- Country: USA
- Genre: Science fiction

Publication
- Published in: The New Yorker
- Publication type: Periodical
- Media type: Print
- Publication date: February 1, 1982

= Sur (short story) =

Short story by Ursula K. Le Guin

"Sur" is a short story by the American writer Ursula K. Le Guin, first published in The New Yorker on February 1, 1982. It was included in The Compass Rose, a collection of stories by Le Guin first published in July 1982.

The subtitle is "A Summary Report of the Yelcho Expedition to the Antarctic, 1909–1910"; the story describes an expedition to the South Pole by a group of women from South America.

The title "Sur" (Spanish "South") may be compared with South, the title of Ernest Shackleton's account of the Antarctic expedition of 1914–1917.

==Story summary==
The narrator, a woman in Lima, Peru, does not write for publication; this account of her adventure will be kept in a trunk in the attic, to be found by future generations.

Upon reading about the voyage of the Belgica, she was inspired by the undertaking of expeditions to Antarctica, particularly The Voyage of the Discovery, Captain Scott's book about his expedition of 1902–1904. She plans, with several friends, a similar expedition. They find a benefactor, and the nine women, from Peru, Chile, and Argentina, meet in Punta Arenas in Chile in August 1909.

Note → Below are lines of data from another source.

(* One step of the course-of-values recursion computing, from the indices [d] of a
   code [dc] and [e] of a code [c], the index of [subst_oracle c dc] ([rec] gives the
   values at smaller indices; see [subst_index_encode]). *)
Definition subst_index_step (d e : nat) (rec : nat -> nat) : nat :=
  let t := pi1 e in let r := pi2 e in
  if e =? encode COracle then d
  else if (t =? 6) || (t =? 7) || (t =? 8) then pair t (pair (rec (pi1 r)) (rec (pi2 r)))
  else if t =? 9 then pair 9 (rec r)
  else e.

Fixpoint subst_index_fuel (fuel d e : nat) : nat :=
  match fuel with
  | 0 => 0
  | S fuel => subst_index_step d e (subst_index_fuel fuel d)
  end.

Definition subst_index (d e : nat) : nat := subst_index_fuel (S e) d e.

Lemma subst_index_step_ext d e rec1 rec2 :
  (forall i, i < e -> rec1 i = rec2 i) -> subst_index_step d e rec1 = subst_index_step d e rec2.
Proof.
  intro H. unfold subst_index_step.
  pose proof (pi2_lt e). pose proof (pi1_le (pi2 e)). pose proof (pi2_le (pi2 e)).
  destruct (e =? encode COracle); auto.
  destruct (Nat.eqb_spec (pi1 e) 6), (Nat.eqb_spec (pi1 e) 7), (Nat.eqb_spec (pi1 e) 8);
    simpl; try (rewrite !H; [reflexivity | lia | lia]).
  destruct (Nat.eqb_spec (pi1 e) 9); auto. rewrite H; auto. lia.
Qed.

Lemma subst_index_fuel_indep d fuel1 : forall fuel2 e,
  e < fuel1 -> e < fuel2 -> subst_index_fuel fuel1 d e = subst_index_fuel fuel2 d e.
Proof.
  induction fuel1; intros fuel2 e H1 H2; [lia|]. destruct fuel2; [lia|]. simpl.
  apply subst_index_step_ext. intros. apply IHfuel1; lia.
Qed.

Lemma subst_index_unfold d e : subst_index d e = subst_index_step d e (subst_index d).
Proof.
  unfold subst_index at 1. simpl. apply subst_index_step_ext.
  intros. apply subst_index_fuel_indep; lia.
Qed.

Lemma subst_index_encode dc c : subst_index (encode dc) (encode c) = encode (subst_oracle c dc).
Proof.
  assert (H50 : forall a b, a <> 5 -> (pair a b =? encode COracle) = false).
  { intros a b Ha. apply Nat.eqb_neq. intro E. apply pair_inj in E. lia. }
  induction c; simpl encode; rewrite subst_index_unfold; unfold subst_index_step;
    rewrite ?pi1_pair, ?pi2_pair; try reflexivity;
    rewrite H50 by lia; simpl; rewrite ?pi1_pair, ?pi2_pair; simpl; congruence.
Qed.

Lemma encode_binary_inv t a b c :
  6 <= t <= 8 -> pair t (pair a b) = encode c -> exists c1 c2, encode c1 = a /\ encode c2 = b.
Proof. intro Ht. destruct c; simpl; intro H; inj_pairs; try lia; eauto. Qed.

Lemma encode_binary_surj t a b :
  6 <= t <= 8 -> exists c, encode c = pair t (pair (encode a) (encode b)).
Proof.
  intro Ht. assert (t = 6 \/ t = 7 \/ t = 8) as [->|[->| ->]] by lia;
    [exists (CPair a b) | exists (CComp a b) | exists (CPrim a b)]; reflexivity.
Qed.

Lemma subst_index_valid dc e c' :
  subst_index (encode dc) e = encode c' -> exists c, e = encode c.
Proof.
  revert c'. induction e as [e IH] using (well_founded_induction lt_wf). intros c' H.
  rewrite subst_index_unfold in H. unfold subst_index_step in H.
  destruct (Nat.eqb_spec e (encode COracle)) as [->|]; [exists COracle; auto|].
  pose proof (pi2_lt e). pose proof (pi1_le (pi2 e)). pose proof (pi2_le (pi2 e)).
  rewrite <- (pair_pi e), <- (pair_pi (pi2 e)).
  destruct ((pi1 e =? 6) || (pi1 e =? 7) || (pi1 e =? 8)) eqn:Ebin.
  - assert (Ht : 6 <= pi1 e <= 8).
    { repeat rewrite orb_true_iff in Ebin. rewrite !Nat.eqb_eq in Ebin. lia. }
    destruct (encode_binary_inv _ _ _ _ Ht H) as [c1 [c2 [K1 K2]]].
    destruct (IH (pi1 (pi2 e)) ltac:(lia) _ (eq_sym K1)) as [a ->].
    destruct (IH (pi2 (pi2 e)) ltac:(lia) _ (eq_sym K2)) as [b ->].
    destruct (encode_binary_surj _ a b Ht) as [c Hc]. eauto.
  - destruct (Nat.eqb_spec (pi1 e) 9) as [E9|]; [|rewrite !pair_pi; eauto].
    symmetry in H. apply encode_CMu_inv in H. destruct H as [c1 [_ K1]].
    destruct (IH (pi2 e) ltac:(lia) _ (eq_sym K1)) as [a Ha].
    exists (CMu a). rewrite pair_pi, E9, Ha. reflexivity.
Qed.

(* [subst_history d N] codes the list [subst_index d (N-1); ...; subst_index d 0]
   as nested pairs, so that the recursion becomes primitive recursion. *)
Definition history_nth (L N i : nat) : nat := pi1 (Nat.iter (Nat.pred N - i) pi2 L).

Fixpoint subst_history (d N : nat) : nat :=
  match N with
  | 0 => 0
  | S N => pair (subst_index_step d N (history_nth (subst_history d N) N)) (subst_history d N)
  end.

Lemma subst_history_nth d N : forall i, i < N ->
  history_nth (subst_history d N) N i = subst_index d i.
Proof.
  induction N as [|N IH]; intros i Hi; [lia|].
  unfold history_nth. simpl Nat.pred. simpl subst_history. destruct (Nat.eq_dec i N) as [->|].
  - rewrite Nat.sub_diag. simpl. rewrite pi1_pair, subst_index_unfold.
    apply subst_index_step_ext. intros. apply IH. auto.
  - replace (N - i) with (S (Nat.pred N - i)) by lia. rewrite Nat.iter_succ_r, pi2_pair.
    apply IH. lia.
Qed.

Definition iter_pi2_code : code := CPrim CId (CComp CSnd (CComp CSnd CSnd)).

Lemma eval_iter_pi2_code X L m : eval X iter_pi2_code (pair L m) (Nat.iter m pi2 L).
Proof.
  eapply eval_value; [apply (eval_CPrim X _ _ (fun x => x) (fun x n w => pi2 w))|].
  - constructor.
  - intros. eval_value_with fail. reflexivity.
  - rewrite pi1_pair, pi2_pair. induction m; simpl; congruence.
Qed.

(* Codes reading the input [<d, <N, L>>] of the step of [subst_history]. *)
Definition arg_N : code := CComp CFst CSnd.
Definition arg_L : code := CComp CSnd CSnd.
Definition arg_tag : code := CComp CFst arg_N.
Definition arg_body : code := CComp CSnd arg_N.

Definition history_nth_code (i : code) : code :=
  CComp CFst (CComp iter_pi2_code (CPair arg_L (CComp sub_code (CPair (CComp pred_code arg_N) i)))).

Definition subst_index_step_code : code :=
  let binary := CPair arg_tag (CPair (history_nth_code (CComp CFst arg_body))
                                     (history_nth_code (CComp CSnd arg_body))) in
  let unary := CPair (const_code 9) (history_nth_code arg_body) in
  let is_binary := ifz_code (eqb_const_code arg_tag 6)
                     (ifz_code (eqb_const_code arg_tag 7) (eqb_const_code arg_tag 8) (const_code 1))
                     (const_code 1) in
  ifz_code (eqb_const_code arg_N (encode COracle))
    (ifz_code is_binary (ifz_code (eqb_const_code arg_tag 9) arg_N unary) binary)
    CFst.

Definition subst_index_code : code :=
  CComp CFst (CComp (CPrim CZero (CPair subst_index_step_code arg_L))
                    (CPair CFst (CComp CSucc CSnd))).

Lemma eval_subst_index_step_code X d N L :
  eval X subst_index_step_code (pair d (pair N L)) (subst_index_step d N (history_nth L N)).
Proof.
  unfold subst_index_step_code, ifz_code, eqb_const_code, history_nth_code,
    arg_N, arg_L, arg_tag, arg_body.
  eval_value_with ltac:(first [eval_arith | apply eval_iter_pi2_code]).
  unfold subst_index_step, history_nth. rewrite ?pi1_pair, ?pi2_pair.
  destruct (N =? encode COracle); [reflexivity|].
  destruct (pi1 N =? 6), (pi1 N =? 7), (pi1 N =? 8), (pi1 N =? 9); reflexivity.
Qed.

Lemma eval_subst_index_code X d e : eval X subst_index_code (pair d e) (subst_index d e).
Proof.
  eapply ev_comp; [eapply ev_comp|].
  - apply ev_pair; [apply eval_pi1 | eapply ev_comp; [apply eval_pi2 | apply ev_succ]].
  - eapply eval_value; [apply (eval_CPrim X _ _ (fun _ => 0)
      (fun x n w => pair (subst_index_step x n (history_nth w n)) w))|].
    + constructor.
    + intros. apply ev_pair; [apply eval_subst_index_step_code | eval_value_with fail; reflexivity].
    + reflexivity.
  - eapply eval_value; [apply eval_pi1|]. rewrite !pi1_pair, !pi2_pair.
    assert (Hh : forall N, nat_rect (fun _ => nat) 0
      (fun n w => pair (subst_index_step d n (history_nth w n)) w) N = subst_history d N)
      by (induction N; simpl; congruence).
    rewrite Hh, <- (subst_history_nth d (S e) e) by lia.
    unfold history_nth. simpl. rewrite Nat.sub_diag. reflexivity.
Qed.

Opaque pair.

(* Unification must never evaluate the Cantor code of a concrete program: the numbers
   are astronomically large in unary. Inside index computations, codes of fixed programs
   are therefore written with this sealed copy of [encode]. *)
Lemma sealed_encode_spec : { f : code -> nat | forall c, f c = encode c }.
Proof. exists encode. reflexivity. Qed.

Definition sealed_encode : code -> nat := proj1_sig sealed_encode_spec.

Lemma sealed_encode_eq c : sealed_encode c = encode c.
Proof. exact (proj2_sig sealed_encode_spec c). Qed.

Definition const_index (n : nat) : nat := encode (const_code n).

Definition const_index_code : code :=
  CComp (CPrim (const_code (encode CZero))
               (CPair (const_code 7) (CPair (const_code (encode CSucc)) (CComp CSnd CSnd))))
        (CPair CZero CId).

Lemma eval_const_index_code X n : eval X const_index_code n (const_index n).
Proof.
  eapply ev_comp; [apply ev_pair; constructor|].
  eapply eval_value; [apply (eval_CPrim X _ _ (fun _ => encode CZero)
                               (fun x n w => pair 7 (pair (encode CSucc) w)))|].
  - intros; apply eval_const_code.
  - intros. eval_value_with fail. reflexivity.
  - rewrite pi2_pair. unfold const_index. induction n; simpl in *; congruence.
Qed.

Definition chi (P : Prop) : nat := if excluded_middle_informative P then 1 else 0.

Lemma eval_COracle X x : eval X COracle x (chi (X x)).
Proof. unfold chi. destruct (excluded_middle_informative (X x)); constructor; auto. Qed.

Lemma chi_1 P : chi P = 1 <-> P.
Proof. unfold chi. destruct (excluded_middle_informative P); intuition discriminate. Qed.

Lemma chi_0 P : chi P = 0 <-> ~ P.
Proof. unfold chi. destruct (excluded_middle_informative P); intuition discriminate. Qed.

Lemma chi_01 P : chi P = 0 \/ chi P = 1.
Proof. unfold chi. destruct (excluded_middle_informative P); auto. Qed.

Definition halt_iff_eq_code (j : nat) : code :=
  CMu (ifz_code (eqb_const_code CFst j) (const_code 1) (const_code 0)).

Lemma eval_halt_iff_eq_code X j x v : eval X (halt_iff_eq_code j) x v <-> x = j /\ v = 0.
Proof.
  assert (Hstep : forall n, eval X (ifz_code (eqb_const_code CFst j) (const_code 1) (const_code 0))
                    (pair x n) (if x =? j then 0 else 1)).
  { intro n. unfold ifz_code, eqb_const_code. eval_value_with eval_arith.
    destruct (x =? j); reflexivity. }
  split.
  - intro H. inversion H as [| | | | | | | | | | | f x' n Hzero Hbefore]; subst.
    pose proof (eval_det _ _ _ _ _ (Hstep v) Hzero).
    destruct (Nat.eqb_spec x j); [|discriminate]. split; auto.
    destruct v; auto. destruct (Hbefore 0 ltac:(lia)) as [w Hw].
    pose proof (eval_det _ _ _ _ _ (Hstep 0) Hw). discriminate.
  - intros [-> ->]. constructor; [|intros; lia].
    eapply eval_value; [apply Hstep|]. rewrite Nat.eqb_refl. reflexivity.
Qed.

Definition index_outputs (j b y : nat) : nat :=
  pair 7 (pair (sealed_encode (halt_iff_eq_code j)) (pair 7 (pair b (const_index y)))).

Lemma index_outputs_encode j c y :
  index_outputs j (encode c) y = encode (CComp (halt_iff_eq_code j) (CComp c (const_code y))).
Proof. unfold index_outputs. rewrite !sealed_encode_eq. reflexivity. Qed.

Definition index_outputs_code (j : nat) : code :=
  CPair (const_code 7) (CPair (const_code (sealed_encode (halt_iff_eq_code j)))
    (CPair (const_code 7) (CPair CFst (CComp const_index_code CSnd)))).

Lemma eval_index_outputs_code X j b y : eval X (index_outputs_code j) (pair b y) (index_outputs j b y).
Proof. eval_value_with ltac:(apply eval_const_index_code). reflexivity. Qed.

Definition index_halts (q y : nat) : nat := pair 7 (pair q (const_index y)).

Lemma index_halts_encode c y : index_halts (encode c) y = encode (CComp c (const_code y)).
Proof. reflexivity. Qed.

Definition index_halts_code : code := CPair (const_code 7) (CPair CFst (CComp const_index_code CSnd)).

Lemma eval_index_halts_code X q y : eval X index_halts_code (pair q y) (index_halts q y).
Proof. eval_value_with ltac:(apply eval_const_index_code). reflexivity. Qed.

(* With oracle [0'], [agree] is 1 exactly when program [b] outputs the correct
   membership bit of [y] in [W_q]. *)
Definition agree_code : code :=
  ifz_code (CComp COracle (CComp index_halts_code (CPair (CComp CSnd CFst) CSnd)))
    (CComp COracle (CComp (index_outputs_code 0) (CPair (CComp CFst CFst) CSnd)))
    (CComp COracle (CComp (index_outputs_code 1) (CPair (CComp CFst CFst) CSnd))).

They have hired the Yelcho, a steamer commanded by Captain Pardo. They sail to the Ross Sea, and at Hut Point they visit Captain Scott's hut; not liking the state it is in, they eventually decide to set up camp on the Great Ice Barrier, digging out cubicles in the ice. Grouped into two sledge teams and a support team, they journey south, covering about 15 mi a day on level ice, and ascending the Florence Nightingale Glacier, as they have named it – shown on maps as the Beardmore Glacier. They reach the South Pole on 22 December 1909.

On returning to base camp, they realize that one of the group, Teresa, is pregnant. A baby girl is delivered, and Teresa names her Rosa – Rosa del Sur (Rose of the South). The Yelcho returns to their camp as promised, and the group returns home.

After the narrator learns of the Yelchos role in rescuing Shackleton's men from Elephant Island, she writes to congratulate Captain Pardo, and thank him again. "Never one word has he breathed of our secret. He is a man of honor, Luis Pardo."

==Reception==
"Sur" won the Locus Award for Best Short Story in 1983, and it was nominated for the Hugo Award for Best Short Story in that year. It was also included in The Best American Short Stories 1983 alongside “The Professor‘s Houses,” also by Le Guin.

Francine Prose wrote that it was "my favorite story by Ursula K. Le Guin.... "Sur"... typifies what she does best: construct a lightly ironic, playful and more or less fantastic fiction of ideas, with an interest in ... the different methods by which men and women apprehend and respond to the world".

Anne K. Kaler argues that the story provides a cleverly coded map for women striving to be professional writers; to illustrate the paths that women writers must take into the tundras ruled by male writers, she uses the devices of disorder, dislocation, and reversal in the journey/journal.